Europe, Middle East and Africa
Political battles over Brexit will overshadow a bumper week of U.K. economic events. Labor market, inflation and retail sales data will all give a sense of the strength of consumer resilience and demand at a troubled time and the Bank of England meets on Thursday.
In the euro zone, purchasing manager survey numbers on Friday will provide an initial glimpse of the region’s industrial and service-sector health at the end of the first quarter, a well-timed gauge in the aftermath of the European Central Bank’s latest attempt to bolster economic growth amid nagging fears of a deepening slowdown. Russia’s central bank is expected to hold interest rates steady when it meets on Friday, but may signal easing could start sooner than previously expected. In South Africa, data is forecast to show inflation accelerating.

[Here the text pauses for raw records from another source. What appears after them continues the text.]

Lemma cvgn_power_series_majorant (a : R ^nat) alpha :
  (forall n, `|a n| <= alpha * majorant K n) -> cvgn (series (power_terms a z)).
Proof.
move=> a_le; apply: (cvgn_series_geometric_bound (B := alpha) t_ge0 Kz_lt1) => n.
rewrite normrM normrX /t exprMn mulrA ler_wpM2r ?exprn_ge0 //.
apply: le_trans (a_le n) _; rewrite ler_wpM2l ?(majorant_coef_ge0 a_le) //.
exact/majorant_le_expr/ltW.
Qed.

Variables (a b : R ^nat) (alpha beta : R).
Hypotheses (a_le : forall n, `|a n| <= alpha * majorant K n)
           (b_le : forall n, `|b n| <= beta * majorant K n).

Let alpha_ge0 : 0 <= alpha := majorant_coef_ge0 a_le.
Let beta_ge0 : 0 <= beta := majorant_coef_ge0 b_le.

Lemma cauchy_prod_majorant_le p :
  cauchy_prod (fun m => `|a m|) (fun m => `|b m|) p * `|z| ^+ p
    <= 8 * alpha * beta * t ^+ p / p.+2%:R ^+ 2.
Proof.
have cp_le : cauchy_prod (fun m => `|a m|) (fun m => `|b m|) p
    <= alpha * beta * \sum_(m < p.+1) majorant K m * majorant K (p - m)%N.
  rewrite /cauchy_prod mulr_sumr; apply: ler_sum => m _.
  by rewrite mulrACA; apply: ler_pM.
have sum_le : \sum_(m < p.+1) majorant K m * majorant K (p - m)%N
    <= 8 * majorant K p.+1 / K.
  by rewrite ler_pdivlMr // mulrC majorant_conv_le // ltW.
apply: le_trans (ler_wpM2r (exprn_ge0 _ (normr_ge0 z)) cp_le) _.
apply: le_trans (ler_wpM2r (exprn_ge0 _ (normr_ge0 z))
                   (ler_wpM2l (mulr_ge0 alpha_ge0 beta_ge0) sum_le)) _.
rewrite [leLHS](_ : _ = 8 * alpha * beta * t ^+ p / p.+2%:R ^+ 2) //.
by rewrite /majorant /t exprMn exprS; field; rewrite -natrD pnatr_eq0 /= gt_eqF.
Qed.

Lemma cvg_series_cauchy_prod :
  series (power_terms (cauchy_prod a b) z) @ \oo -->
    limn (series (power_terms a z)) * limn (series (power_terms b z)).
Proof.
set P := series (power_terms a z); set Q := series (power_terms b z).
set C := series (power_terms (cauchy_prod a b) z).
set c := 8 * alpha * beta.
have c_ge0 : 0 <= c by rewrite !mulr_ge0.
have gap_le n : `|P n.+1 * Q n.+1 - C n.+1| <= c * t ^+ n.+1.
  apply: le_trans (norm_series_mul_sub_cauchy_prod a b z n) _.
  apply: le_trans (_ : \sum_(i < n) c * t ^+ n.+1 / n.+1%:R <= _).
    apply: ler_sum => i _; apply: le_trans (cauchy_prod_majorant_le _) _.
    apply: ler_pM; rewrite ?mulr_ge0 ?invr_ge0 ?exprn_ge0 //.
      by rewrite ler_wpM2l // ler_wiXn2l ?leq_addr // ltW.
    rewrite lef_pV2 ?posrE ?exprn_gt0 ?ltr0n //.
    by rewrite -natrX ler_nat; nia.
  rewrite sumr_const card_ord -mulrnAr.
  apply: ler_piMr; first by rewrite mulr_ge0 ?exprn_ge0.
  by rewrite -mulr_natr mulrC ler_pdivrMr ?ltr0n // mul1r ler_nat.
have gap_cvg0 : (fun n => P n.+1 * Q n.+1 - C n.+1) @ \oo --> 0.
  apply/norm_cvg0P.
  apply: (squeeze_cvgr _ (cvg_cst 0) (_ : geometric (c * t) t @ \oo --> 0)).
    by apply: nearW => n; rewrite normr_ge0 /geometric /= -mulrA -exprS gap_le.
  by apply: cvg_geometric; rewrite ger0_norm.
have PQ_cvg : (fun n => P n.+1 * Q n.+1) @ \oo --> limn P * limn Q.
  by apply: cvgM; rewrite cvg_shiftS; apply/cvgn_power_series_majorant.
rewrite -cvg_shiftS; rewrite -[_ * _]subr0.
have -> : (fun n => C n.+1) = (fun n => P n.+1 * Q n.+1 - (P n.+1 * Q n.+1 - C n.+1)).
  by apply: funext => n; rewrite subKr.
exact: cvgB PQ_cvg gap_cvg0.
Qed.

End CauchyProductMajorant.

Section PerturbationCoefficients.
Variables (R : realType) (N : nat) (A : 'M[R]_N) (q : 'I_N).
Local Notation d := (strength A).

Definition reduced_resolvent (k : 'I_N) : R :=
  if k == q then 0 else (d q - d k)^-1.

(* [eigvec_coef_upto n m] is [eigvec_coef m] for [m <= n]: the table of all
   lower-order vectors needed by the course-of-values recursion. *)
Fixpoint eigvec_coef_upto (n : nat) : nat -> 'I_N -> R :=
  if n is n'.+1 then
    let v := eigvec_coef_upto n' in
    fun m => if m == n then
      fun k => reduced_resolvent k * (\sum_j v n' j * A j k
                 - \sum_(m < n') (\sum_j v m j * A j q) * v (n' - m)%N k)
    else v m
  else fun _ k => (k == q)%:R.

Definition eigvec_coef n : 'I_N -> R := eigvec_coef_upto n n.

Definition eigval_coef n : R :=
  if n is n'.+1 then \sum_j eigvec_coef n' j * A j q else d q.

Lemma eigvec_coef_uptoE n m : (m <= n)%N -> eigvec_coef_upto n m = eigvec_coef m.
Proof.
elim: n => [|n IH]; first by rewrite leqn0 => /eqP ->.
by rewrite leq_eqVlt => /predU1P[-> //|m_lt]; rewrite /= ltn_eqF // IH.
Qed.

Lemma eigvec_coef0 k : eigvec_coef 0 k = (k == q)%:R.
Proof. by []. Qed.

Lemma eigvec_coefS n k :
  eigvec_coef n.+1 k = reduced_resolvent k * (\sum_j eigvec_coef n j * A j k
    - \sum_(m < n) eigval_coef m.+1 * eigvec_coef (n - m)%N k).
Proof.
rewrite /eigvec_coef /= eqxx (eigvec_coef_uptoE (leqnn n)); congr (_ * (_ - _)).
apply: eq_bigr => m _; rewrite (eigvec_coef_uptoE (leq_subr m n)).
by rewrite /eigval_coef; under eq_bigr do rewrite (eigvec_coef_uptoE (ltnW (ltn_ord m))).
Qed.

Lemma eigvec_coef_at n : eigvec_coef n q = (n == 0%N)%:R.
Proof.
by case: n => [|n]; rewrite ?eigvec_coef0 ?eigvec_coefS /reduced_resolvent eqxx ?mul0r.
Qed.

Definition col_abs_sum (j : 'I_N) : R := \sum_i `|A i j|.

(* [8] closes the induction in [eigvec_coef_bound] through [majorant_conv_le];
   [4] makes [majorant] nondecreasing, which is used for [eigval_coef_bound]. *)
Definition majorant_rate : R :=
  8 * \sum_k `|reduced_resolvent k| * (col_abs_sum k + col_abs_sum q) + 4.

Lemma col_abs_sum_ge0 j : 0 <= col_abs_sum j.
Proof. exact: sumr_ge0. Qed.

Lemma majorant_rate_ge4 : 4 <= majorant_rate.
Proof.
rewrite lerDr mulr_ge0 // sumr_ge0 // => k _.
by rewrite mulr_ge0 ?addr_ge0 ?col_abs_sum_ge0.
Qed.

Lemma majorant_rate_gt0 : 0 < majorant_rate.
Proof. exact: lt_le_trans majorant_rate_ge4. Qed.

Local Notation K := majorant_rate.
Let K_ge0 : 0 <= K := ltW majorant_rate_gt0.

Lemma norm_sum_mul_col_le (f : 'I_N -> R) c k :
  (forall j, `|f j| <= c) -> `|\sum_j f j * A j k| <= c * col_abs_sum k.
Proof.
move=> f_le; apply: le_trans (ler_norm_sum _ _ _) _.
rewrite /col_abs_sum mulr_sumr; apply: ler_sum => j _.
by rewrite normrM ler_wpM2r.
Qed.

Central banks in Thailand, the Philippines and Indonesia are all scheduled for policy meetings. The Fed pause and resulting let-off in pressures facing emerging market currencies has changed the conversation, with attention now swinging to which authorities have room to ease policy. Australia will release jobs numbers for February -- any weakness there would add to swelling bets that the next move for the RBA will be a rate cut.
Investors will stay focused on developments in the U.S.-China trade war and some will cast their eye to Japan and the burgeoning debate over whether its central bank should change its inflation target.
While Brazil’s Jair Bolsonaro makes his first presidential visit to the U.S., the Brazilian central bank holds its first monetary policy meeting under new chief Roberto Campos Neto. It is widely expected to hold its benchmark at an all-time low on Wednesday, but investors will be watching for any signs of additional rate cuts following a series of disappointing economic data. On Thursday, the popularity of Argentinian President Mauricio Macri may suffer another blow as fourth-quarter gross domestic product and unemployment data are poised to show the economy further sinking into recession. On Friday, Colombia’s central bank is expected to keep its key rate at 4.25 percent as subdued inflation supports the case for delaying monetary tightening. Canada’s government releases its budget on Tuesday.